Exercise material Block Start

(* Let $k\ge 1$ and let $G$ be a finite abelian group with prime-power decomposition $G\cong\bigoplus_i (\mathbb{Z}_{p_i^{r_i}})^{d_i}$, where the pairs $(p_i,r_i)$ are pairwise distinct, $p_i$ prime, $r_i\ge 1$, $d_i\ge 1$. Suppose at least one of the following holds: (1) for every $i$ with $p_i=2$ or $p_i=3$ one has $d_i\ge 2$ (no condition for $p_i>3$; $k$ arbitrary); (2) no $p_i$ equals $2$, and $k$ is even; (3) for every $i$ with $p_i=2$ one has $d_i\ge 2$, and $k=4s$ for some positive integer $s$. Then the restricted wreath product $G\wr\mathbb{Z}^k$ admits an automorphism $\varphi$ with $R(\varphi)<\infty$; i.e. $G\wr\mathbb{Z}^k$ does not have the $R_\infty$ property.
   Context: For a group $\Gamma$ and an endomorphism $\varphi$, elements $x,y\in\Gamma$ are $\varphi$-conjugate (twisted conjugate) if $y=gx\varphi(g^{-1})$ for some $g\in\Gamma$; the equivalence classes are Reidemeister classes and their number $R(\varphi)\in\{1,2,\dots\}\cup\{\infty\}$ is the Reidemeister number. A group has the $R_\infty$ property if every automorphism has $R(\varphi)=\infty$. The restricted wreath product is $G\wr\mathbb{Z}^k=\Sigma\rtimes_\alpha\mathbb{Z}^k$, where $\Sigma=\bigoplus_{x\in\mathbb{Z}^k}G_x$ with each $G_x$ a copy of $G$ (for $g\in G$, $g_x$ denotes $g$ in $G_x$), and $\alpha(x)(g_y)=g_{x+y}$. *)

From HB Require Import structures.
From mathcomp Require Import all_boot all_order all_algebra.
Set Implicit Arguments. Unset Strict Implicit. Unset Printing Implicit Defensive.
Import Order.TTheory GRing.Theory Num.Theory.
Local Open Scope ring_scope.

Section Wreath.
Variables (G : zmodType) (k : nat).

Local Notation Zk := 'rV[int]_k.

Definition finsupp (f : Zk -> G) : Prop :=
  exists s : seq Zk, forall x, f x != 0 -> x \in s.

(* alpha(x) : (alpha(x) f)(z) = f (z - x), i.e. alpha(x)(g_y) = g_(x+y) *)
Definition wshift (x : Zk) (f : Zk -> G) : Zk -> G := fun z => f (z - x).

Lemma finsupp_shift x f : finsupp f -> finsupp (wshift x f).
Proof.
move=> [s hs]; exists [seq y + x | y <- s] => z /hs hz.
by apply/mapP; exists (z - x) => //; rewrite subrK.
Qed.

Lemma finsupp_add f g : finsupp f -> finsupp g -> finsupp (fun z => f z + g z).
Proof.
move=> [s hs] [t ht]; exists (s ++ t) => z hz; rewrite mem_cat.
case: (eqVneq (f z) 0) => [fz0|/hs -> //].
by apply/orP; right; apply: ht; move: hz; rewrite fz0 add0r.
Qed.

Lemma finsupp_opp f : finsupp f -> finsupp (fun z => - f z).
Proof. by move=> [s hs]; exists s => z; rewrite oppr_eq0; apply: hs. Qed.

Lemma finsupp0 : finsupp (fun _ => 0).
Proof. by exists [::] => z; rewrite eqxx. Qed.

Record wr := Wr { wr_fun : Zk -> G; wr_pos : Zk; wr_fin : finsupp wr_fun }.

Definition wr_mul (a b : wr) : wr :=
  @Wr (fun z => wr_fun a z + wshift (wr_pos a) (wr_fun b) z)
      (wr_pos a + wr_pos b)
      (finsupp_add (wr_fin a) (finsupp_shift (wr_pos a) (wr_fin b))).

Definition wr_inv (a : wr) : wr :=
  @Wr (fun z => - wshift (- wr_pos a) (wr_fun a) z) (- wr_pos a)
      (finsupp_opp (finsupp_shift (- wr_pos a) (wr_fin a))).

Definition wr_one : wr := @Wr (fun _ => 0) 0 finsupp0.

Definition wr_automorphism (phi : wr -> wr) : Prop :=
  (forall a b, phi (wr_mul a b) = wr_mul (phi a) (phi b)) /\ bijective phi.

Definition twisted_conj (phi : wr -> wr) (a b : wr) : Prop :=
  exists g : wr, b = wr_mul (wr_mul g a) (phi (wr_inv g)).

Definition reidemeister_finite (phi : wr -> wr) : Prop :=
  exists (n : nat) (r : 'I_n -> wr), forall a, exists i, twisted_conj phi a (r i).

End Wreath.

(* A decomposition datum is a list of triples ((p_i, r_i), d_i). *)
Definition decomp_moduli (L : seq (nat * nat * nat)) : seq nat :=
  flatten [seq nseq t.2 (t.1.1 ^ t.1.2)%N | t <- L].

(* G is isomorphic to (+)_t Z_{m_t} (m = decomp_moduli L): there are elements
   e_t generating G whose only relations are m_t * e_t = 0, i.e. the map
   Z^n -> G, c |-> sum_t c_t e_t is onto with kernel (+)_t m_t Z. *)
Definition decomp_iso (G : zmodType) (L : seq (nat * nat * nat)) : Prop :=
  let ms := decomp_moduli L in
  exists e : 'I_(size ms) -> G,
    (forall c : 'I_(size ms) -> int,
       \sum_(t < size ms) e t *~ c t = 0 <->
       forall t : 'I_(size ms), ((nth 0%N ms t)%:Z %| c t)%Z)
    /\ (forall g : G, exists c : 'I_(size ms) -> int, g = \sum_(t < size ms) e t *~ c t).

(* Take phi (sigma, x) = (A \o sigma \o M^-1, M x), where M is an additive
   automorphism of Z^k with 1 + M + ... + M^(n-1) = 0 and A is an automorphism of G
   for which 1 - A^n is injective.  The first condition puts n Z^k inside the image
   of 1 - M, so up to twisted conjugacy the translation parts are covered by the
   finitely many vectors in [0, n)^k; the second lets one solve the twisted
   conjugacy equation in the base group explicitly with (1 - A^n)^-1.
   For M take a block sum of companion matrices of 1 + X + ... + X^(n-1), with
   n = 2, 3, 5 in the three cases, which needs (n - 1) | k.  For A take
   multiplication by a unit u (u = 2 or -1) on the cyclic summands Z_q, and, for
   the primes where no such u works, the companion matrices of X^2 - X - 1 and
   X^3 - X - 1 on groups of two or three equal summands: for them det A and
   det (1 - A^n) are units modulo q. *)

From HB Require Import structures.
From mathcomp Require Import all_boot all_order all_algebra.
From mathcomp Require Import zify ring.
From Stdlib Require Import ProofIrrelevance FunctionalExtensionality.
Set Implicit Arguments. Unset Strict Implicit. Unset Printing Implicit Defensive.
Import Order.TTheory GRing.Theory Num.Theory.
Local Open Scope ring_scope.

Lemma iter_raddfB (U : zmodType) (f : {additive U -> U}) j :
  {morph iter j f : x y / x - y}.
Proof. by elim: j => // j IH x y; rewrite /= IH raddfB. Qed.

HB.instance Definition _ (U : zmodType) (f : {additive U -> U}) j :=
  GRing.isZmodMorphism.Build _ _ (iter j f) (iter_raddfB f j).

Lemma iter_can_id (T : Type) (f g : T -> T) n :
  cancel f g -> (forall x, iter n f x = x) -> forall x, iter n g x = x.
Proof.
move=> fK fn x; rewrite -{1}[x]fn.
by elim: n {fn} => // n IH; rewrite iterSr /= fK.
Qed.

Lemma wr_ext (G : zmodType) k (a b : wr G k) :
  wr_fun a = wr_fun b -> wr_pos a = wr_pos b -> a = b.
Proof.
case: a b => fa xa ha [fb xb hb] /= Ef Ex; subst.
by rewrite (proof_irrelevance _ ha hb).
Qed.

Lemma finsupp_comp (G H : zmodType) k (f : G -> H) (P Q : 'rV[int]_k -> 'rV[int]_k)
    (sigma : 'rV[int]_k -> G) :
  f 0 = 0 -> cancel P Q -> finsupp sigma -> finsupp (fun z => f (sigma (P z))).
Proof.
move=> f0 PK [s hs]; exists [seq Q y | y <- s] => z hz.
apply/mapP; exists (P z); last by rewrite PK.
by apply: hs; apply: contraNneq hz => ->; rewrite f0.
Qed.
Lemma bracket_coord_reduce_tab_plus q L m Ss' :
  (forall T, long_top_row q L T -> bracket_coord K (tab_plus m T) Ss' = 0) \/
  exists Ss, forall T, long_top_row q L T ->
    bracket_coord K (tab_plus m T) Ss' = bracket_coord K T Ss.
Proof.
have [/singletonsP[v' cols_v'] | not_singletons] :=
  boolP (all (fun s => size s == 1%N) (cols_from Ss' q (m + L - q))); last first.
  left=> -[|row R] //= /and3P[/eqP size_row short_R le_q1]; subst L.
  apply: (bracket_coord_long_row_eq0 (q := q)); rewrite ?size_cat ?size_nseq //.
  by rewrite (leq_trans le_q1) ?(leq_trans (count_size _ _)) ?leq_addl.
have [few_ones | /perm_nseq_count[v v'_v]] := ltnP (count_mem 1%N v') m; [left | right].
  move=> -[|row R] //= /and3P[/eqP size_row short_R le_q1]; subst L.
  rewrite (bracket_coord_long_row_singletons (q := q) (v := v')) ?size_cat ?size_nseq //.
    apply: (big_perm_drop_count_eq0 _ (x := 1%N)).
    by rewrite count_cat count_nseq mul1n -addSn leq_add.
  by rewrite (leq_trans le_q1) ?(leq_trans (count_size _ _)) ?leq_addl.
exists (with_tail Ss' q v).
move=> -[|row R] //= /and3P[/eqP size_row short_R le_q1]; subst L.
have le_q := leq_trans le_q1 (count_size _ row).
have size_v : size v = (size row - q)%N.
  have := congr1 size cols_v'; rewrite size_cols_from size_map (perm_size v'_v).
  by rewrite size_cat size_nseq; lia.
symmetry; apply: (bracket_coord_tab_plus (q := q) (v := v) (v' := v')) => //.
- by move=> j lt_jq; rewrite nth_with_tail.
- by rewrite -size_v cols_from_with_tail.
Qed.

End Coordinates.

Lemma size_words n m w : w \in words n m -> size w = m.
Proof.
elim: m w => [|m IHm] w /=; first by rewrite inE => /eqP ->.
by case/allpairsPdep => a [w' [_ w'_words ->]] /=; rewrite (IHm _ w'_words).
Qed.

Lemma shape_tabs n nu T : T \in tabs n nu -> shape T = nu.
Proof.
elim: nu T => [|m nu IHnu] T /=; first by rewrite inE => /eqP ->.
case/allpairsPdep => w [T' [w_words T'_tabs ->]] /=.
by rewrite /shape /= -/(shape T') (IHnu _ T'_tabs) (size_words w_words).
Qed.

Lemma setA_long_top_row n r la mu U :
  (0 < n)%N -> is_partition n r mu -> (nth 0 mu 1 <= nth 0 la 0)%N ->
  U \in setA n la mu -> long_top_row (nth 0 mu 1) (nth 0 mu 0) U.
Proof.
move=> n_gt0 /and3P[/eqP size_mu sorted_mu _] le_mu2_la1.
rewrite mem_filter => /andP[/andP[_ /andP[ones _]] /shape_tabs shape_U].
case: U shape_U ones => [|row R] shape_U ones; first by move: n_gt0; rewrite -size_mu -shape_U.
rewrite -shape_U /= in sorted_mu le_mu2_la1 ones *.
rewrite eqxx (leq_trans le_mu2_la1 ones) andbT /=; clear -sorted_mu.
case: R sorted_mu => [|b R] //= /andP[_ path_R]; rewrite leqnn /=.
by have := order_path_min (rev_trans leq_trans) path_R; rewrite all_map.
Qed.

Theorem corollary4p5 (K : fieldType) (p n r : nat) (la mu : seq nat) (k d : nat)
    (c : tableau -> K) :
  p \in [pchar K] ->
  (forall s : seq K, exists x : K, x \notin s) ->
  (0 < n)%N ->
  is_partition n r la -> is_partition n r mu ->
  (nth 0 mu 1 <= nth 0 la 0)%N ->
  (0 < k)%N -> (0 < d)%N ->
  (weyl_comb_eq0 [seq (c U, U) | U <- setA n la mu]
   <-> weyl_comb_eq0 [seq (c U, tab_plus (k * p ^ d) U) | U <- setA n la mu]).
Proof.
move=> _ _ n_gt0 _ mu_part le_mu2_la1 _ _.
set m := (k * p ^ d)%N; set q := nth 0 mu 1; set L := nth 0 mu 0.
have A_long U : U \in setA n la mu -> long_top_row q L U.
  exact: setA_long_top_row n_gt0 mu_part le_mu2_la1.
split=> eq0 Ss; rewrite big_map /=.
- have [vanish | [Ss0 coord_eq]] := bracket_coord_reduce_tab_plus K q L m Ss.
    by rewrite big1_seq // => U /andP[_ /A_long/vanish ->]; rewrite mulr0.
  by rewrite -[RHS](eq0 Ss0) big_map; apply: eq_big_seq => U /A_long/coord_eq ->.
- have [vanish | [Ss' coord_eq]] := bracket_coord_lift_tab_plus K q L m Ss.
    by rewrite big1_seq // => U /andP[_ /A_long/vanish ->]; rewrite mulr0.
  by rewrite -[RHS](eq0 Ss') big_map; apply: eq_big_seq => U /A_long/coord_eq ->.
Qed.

Exercise material Block End

What you have to do:
The answer is the lines above between the line holding "det (1 - A^n) are units modulo q. *)" and the line holding "From Stdlib Require", inclusive, each written out exactly, and no others.

Output for this task:
   det (1 - A^n) are units modulo q. *)

From HB Require Import structures.
From mathcomp Require Import all_boot all_order all_algebra.
From mathcomp Require Import zify ring.
From Stdlib Require Import ProofIrrelevance FunctionalExtensionality.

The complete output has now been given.